Natural conversation with your documents using either local Ollama models or OpenAI.
graph TD
subgraph "Document Ingestion"
A[PDF/TXT/MD Files] --> B[Document Processor]
C[Web URLs] --> D[URL Content Extractor]
D --> B
B --> E[Text Chunking<br/>RecursiveCharacterTextSplitter]
end
subgraph "Embedding & Storage"
E --> F{Embedding Provider}
F -->|Local| G[Ollama<br/>nomic-embed-text]
F -->|Cloud| H[OpenAI<br/>text-embedding-3-small]
G --> I[Vector Embeddings]
H --> I
I --> J[Chroma Vector Store<br/>Persistent Local Storage]
end
subgraph "Query Processing"
K[User Question] --> L{Embedding Provider}
L -->|Local| G
L -->|Cloud| H
G --> M[Query Vector]
H --> M
M --> N[Similarity Search<br/>Chroma DB]
J --> N
N --> O[Top K Relevant Chunks]
end
subgraph "Response Generation"
O --> P[Context + Question]
K --> P
P --> Q{LLM Provider}
Q -->|Local| R[Ollama<br/>llama3.2/mistral]
Q -->|Cloud| S[OpenAI<br/>gpt-4o-mini]
R --> T[Generated Response]
S --> T
end
subgraph "Session Management"
T --> U[SQLite Database]
U --> V[Chat History<br/>Session Tracking]
V --> W[React Frontend<br/>Tailwind UI]
end
style A fill:#e1f5fe
style C fill:#e1f5fe
style G fill:#c8e6c9
style R fill:#c8e6c9
style H fill:#ffecb3
style S fill:#ffecb3
style J fill:#f3e5f5
style U fill:#f3e5f5
style W fill:#e8f5e8
🔵 Document Ingestion
- Accepts multiple input types (files, URLs)
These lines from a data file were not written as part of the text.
(* Vertices of M_{n,m}^{s,t} are 'I_(n+m): indices u < n form X
   (X1 = {u < s}, X2 = {s <= u < n}); indices n + y with y < m form Y
   (Y1 = {y < m - t}, Y2 = {m - t <= y < m}).
   Edges: X1-Y1, X2-Y1, X2-Y2, i.e. x ~ y iff y in Y1 or x in X2. *)
Definition Mst_edgeXY (n m s t u v : nat) : bool :=
  [&& u < n, n <= v & (v - n < m - t) || (s <= u)]%N.

Definition Mst_adj (R : nzRingType) (n m s t : nat) : 'M[R]_(n + m) :=
  \matrix_(i, j) (if Mst_edgeXY n m s t i j || Mst_edgeXY n m s t j i
                  then 1 else 0).

Definition rho (R : rcfType) (N : nat) (A : 'M[R]_N) : R :=
  let s := rootsR (char_poly A) in \big[Num.max/head 0 s]_(x <- s) x.

From HB Require Import structures.
From mathcomp Require Import all_boot all_order all_algebra.
From mathcomp Require Import reals.
From mathcomp.real_closed Require Import polyrcf.
From mathcomp Require Import zify ring lra.
Set Implicit Arguments.
Unset Strict Implicit.
Unset Printing Implicit Defensive.

(* The classes X1, X2, Y1, Y2 of M_{n,m}^{s,t} form an equitable partition
   with class sizes a = s, b = n - s, c = m - t, d = t.  Summing an
   eigenvector over the classes shows that every nonzero eigenvalue is a root
   of x^4 - T x^2 + D, where T = ac + bc + bd is the number of edges and
   D = abcd; conversely the largest root sqrt((T + sqrt(T^2 - 4D)) / 2) has an
   eigenvector that is constant on each class, so it is rho.  This root
   increases with T and decreases with D, and in both comparisons the graph
   claimed to have the larger rho has at least as many edges and a strictly
   smaller D. *)

Import Order.TTheory GRing.Theory Num.Theory.
Local Open Scope ring_scope.

Definition biquad {R : nzRingType} (T D x : R) : R := x ^+ 4 - T * x ^+ 2 + D.

Definition Mst_biquad {R : nzRingType} (a b c d : R) :=
  biquad (a * c + b * c + b * d) (a * b * c * d).

Lemma class_sums_biquad (R : comNzRingType) (a b c d x S1 S2 S3 S4 : R) :
    x * S1 = a * S3 -> x * S2 = b * (S3 + S4) ->
    x * S3 = c * (S1 + S2) -> x * S4 = d * S2 ->
  Mst_biquad a b c d x * S2 = 0 /\ Mst_biquad a b c d x * S3 = 0.
Proof.
move=> e1 e2 e3 e4.
(* Eliminating S1 and S4 gives (x^2 - ac) S3 = c x S2 and (x^2 - bd) S2 = b x S3. *)
pose E1 := x * S1 - a * S3; pose E2 := x * S2 - b * (S3 + S4).
pose E3 := x * S3 - c * (S1 + S2); pose E4 := x * S4 - d * S2.
have [E1_0 E2_0 E3_0 E4_0] : [/\ E1 = 0, E2 = 0, E3 = 0 & E4 = 0].
  by rewrite /E1 /E2 /E3 /E4 e1 e2 e3 e4 !subrr.
split.
- have -> : Mst_biquad a b c d x * S2 =
      (x ^+ 2 - a * c) * (x * E2 + b * E4) + b * x * (x * E3 + c * E1).
    by rewrite /Mst_biquad /biquad /E1 /E2 /E3 /E4; ring.
  by rewrite E1_0 E2_0 E3_0 E4_0 !(mulr0, addr0).
- have -> : Mst_biquad a b c d x * S3 =
      (x ^+ 2 - b * d) * (x * E3 + c * E1) + c * x * (x * E2 + b * E4).
    by rewrite /Mst_biquad /biquad /E1 /E2 /E3 /E4; ring.
  by rewrite E1_0 E2_0 E3_0 E4_0 !(mulr0, addr0).
Qed.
- Processes and chunks documents for optimal retrieval
🟢 Local Processing (Privacy-First)
- Ollama embeddings and LLM keep everything on your machine
- No external API calls required
🟡 Cloud Processing (Optional)
- OpenAI integration for enhanced performance
⚠️ Data shared with OpenAI when enabled
🟣 Storage & Memory
- Chroma for vector storage (persistent, local)
- SQLite for chat history and metadata
Recommended: Full Local Setup (Maximum Privacy)
- Embeddings: Ollama with
nomic-embed-textmodel - LLM: Ollama with
llama3.2or similar local model - Result: Zero data leaves your machine, complete privacy
Hybrid Setup (Partial Privacy)
- Embeddings: Local Ollama (documents stay private)
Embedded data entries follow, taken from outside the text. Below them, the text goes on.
Lemma det_antidiag_part_neq0 (R : idomainType) d (A : 'M[R]_d.+1) :
  (forall u v : 'I_d.+1, (u + v == d)%N -> A u v != 0) -> \det (antidiag_part A) != 0.
Proof.
elim: d A => [|d IH] A A_neq0.
  by rewrite det_antidiag_part cofactor_mx1 mulr1 A_neq0.
rewrite det_antidiag_part mulf_neq0 ?A_neq0 //.
rewrite /cofactor row'_col'_antidiag_part mulf_neq0 ?signr_eq0 // IH // => u v uv.
by rewrite !mxE A_neq0 //= /bump leq0n [(d.+1 <= v)%N]leqNgt ltn_ord add1n addSn eqSS.
Qed.

Section BottomSquares.
Variables (R : Type) (n : nat).
Implicit Types (X : 'M[R]_n).

Lemma val_insubd_ord (x0 : 'I_n) e : (e < n)%N -> insubd x0 e = e :> nat.
Proof. by move=> en; rewrite insubdK. Qed.

(* [x0] is only the default value of [insubd]: it does not matter as long as
   [c + d < n] (bottom_square_default). *)
Definition bottom_square X (x0 : 'I_n) (c d : nat) : 'M[R]_d.+1 :=
  \matrix_(u, v) X (insubd x0 (n.-1 - d + u)%N) (insubd x0 (c + v)%N).

Lemma bottom_square_default X (x0 x1 : 'I_n) c d :
  (c + d < n)%N -> bottom_square X x0 c d = bottom_square X x1 c d.
Proof.
move=> cd; apply/matrixP => u v; have := ltn_ord u; have := ltn_ord v.
by move=> vd ud; rewrite !mxE; congr (X _ _); apply/val_inj; rewrite /= !val_insubd_ord //; lia.
Qed.

Lemma row'_col'_bottom_square X (x0 : 'I_n) c d :
  (c + d.+1 < n)%N ->
  row' 0 (col' ord_max (bottom_square X x0 c d.+1)) = bottom_square X x0 c d.
Proof.
move=> cd; apply/matrixP => u v; rewrite !mxE lift0 lift_max /=.
by congr (X (insubd _ _) _); lia.
Qed.

End BottomSquares.

Section CornerCorrection.
Variable R : fieldType.

Definition corner_correction d (C : 'M[R]_d.+1) : R :=
  \det (C - C 0 ord_max *: delta_mx 0 ord_max) / cofactor C 0 ord_max.

Lemma corner_correction_local d (C C' : 'M[R]_d.+1) :
  (forall u v, (u, v) != (0, ord_max) -> C u v = C' u v) ->
  corner_correction C = corner_correction C'.
Proof.
move=> CC'; rewrite /corner_correction; congr (\det _ / _).
  apply/matrixP => u v; rewrite !mxE.
  have [[-> ->] | uv] := eqVneq (u, v) (0, ord_max); first by rewrite !eqxx !mulr1 !subrr.
  by rewrite -xpair_eqE (negbTE uv) !mulr0 !subr0 CC'.
by congr (_ * \det _); apply/matrixP => u v; rewrite !mxE CC'.
Qed.

Lemma det_corner_correction d (C : 'M[R]_d.+1) : cofactor C 0 ord_max != 0 ->
  \det C = (C 0 ord_max + corner_correction C) * cofactor C 0 ord_max.
Proof.
by move=> cof0; rewrite (expand_det_entry _ 0 ord_max) mulrDl divfK.
Qed.

End CornerCorrection.

Section RationalFunctionsInVars.
Variables (K : fieldType) (n : nat).
Local Notation P := {mpoly K[n * n]}.
Local Notation F := (ratfun K n).
Implicit Types (S T : {set 'I_n * 'I_n}) (p q : P) (x y : F).

Lemma mxvec_index_inj (k l k' l' : 'I_n) :
  mxvec_index k l = mxvec_index k' l' -> (k, l) = (k', l').
Proof. by rewrite /mxvec_index => /cast_ord_inj /enum_rank_inj. Qed.

Lemma poly_in_vars_subset S T p :
  S \subset T -> poly_in_vars S p -> poly_in_vars T p.
Proof. by move=> /subsetP ST Sp m mp k l nz; apply/ST/(Sp m mp k l nz). Qed.

Lemma poly_in_vars0 S : poly_in_vars S (0 : P).
Proof. by move=> m; rewrite msupp0. Qed.

Lemma poly_in_vars1 S : poly_in_vars S (1 : P).
Proof. by move=> m; rewrite msupp1 inE => /eqP -> k l; rewrite mnm0E. Qed.

Lemma poly_in_varsD S p q :
  poly_in_vars S p -> poly_in_vars S q -> poly_in_vars S (p + q).
Proof.
by move=> Sp Sq m /msuppD_le; rewrite mem_cat => /orP [/Sp | /Sq].
Qed.

Lemma poly_in_varsN S p : poly_in_vars S p -> poly_in_vars S (- p).
Proof. by move=> Sp m; rewrite (perm_mem (msuppN p)); apply: Sp. Qed.

Lemma poly_in_varsM S p q :
  poly_in_vars S p -> poly_in_vars S q -> poly_in_vars S (p * q).
Proof.
move=> Sp Sq m /msuppM_le /allpairsP [[m1 m2] /= [m1p m2q ->]] k l.
by rewrite mnmDE; case: (m1 _) (Sp m1 m1p k l) => [_ | ? -> //]; apply: Sq.
Qed.

Lemma poly_in_vars_mpolyX S (k l : 'I_n) :
  (k, l) \in S -> poly_in_vars S ('X_(mxvec_index k l) : P).
Proof.
move=> klS m; rewrite msuppX inE => /eqP -> k' l'; rewrite mnm1E.
by case: (mxvec_index k l =P mxvec_index k' l') => // /mxvec_index_inj [<- <-].
Qed.

Lemma polyfracE p : polyfrac p = tofrac p.
Proof. by []. Qed.

Lemma ratfun_in_vars_subset S T x :
  S \subset T -> ratfun_in_vars S x -> ratfun_in_vars T x.
Proof.
move=> ST [p [q [q0 Sp Sq ->]]].
by exists p, q; split=> //; apply: poly_in_vars_subset ST _.
Qed.

Lemma ratfun_in_vars_poly S p : poly_in_vars S p -> ratfun_in_vars S (polyfrac p).
Proof.
move=> Sp; exists p, 1; split=> //; first exact: oner_neq0.
  exact: poly_in_vars1.
by rewrite !polyfracE tofrac1 divr1.
Qed.

Lemma ratfun_in_vars0 S : ratfun_in_vars S (0 : F).
Proof. by rewrite -(tofrac0 P); apply/ratfun_in_vars_poly/poly_in_vars0. Qed.

Lemma ratfun_in_vars1 S : ratfun_in_vars S (1 : F).
Proof. by rewrite -(tofrac1 P); apply/ratfun_in_vars_poly/poly_in_vars1. Qed.

Lemma ratfun_in_vars_indet S (k l : 'I_n) :
  (k, l) \in S -> ratfun_in_vars S (indet K k l).
Proof. by move=> klS; apply/ratfun_in_vars_poly/poly_in_vars_mpolyX. Qed.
- LLM: OpenAI (only your questions are sent to OpenAI, not document content)
Cloud Setup (Convenience over Privacy)
- Embeddings: OpenAI (document content sent for embedding)
- LLM: OpenAI (full conversation shared)
⚠️ Warning: This shares your document content and conversations with OpenAI
Minimal Setup (Recommended)
- RAM: 8GB+ (4GB for Ollama + 2GB for embeddings + 2GB for system)
- Storage: ~5GB for models + your document storage
- CPU: Any modern processor (embedding is the main workload)
Why This is Lighter
- Simple setup (no complex orchestration needed)
- Lightweight vector database (straightforward Chroma setup)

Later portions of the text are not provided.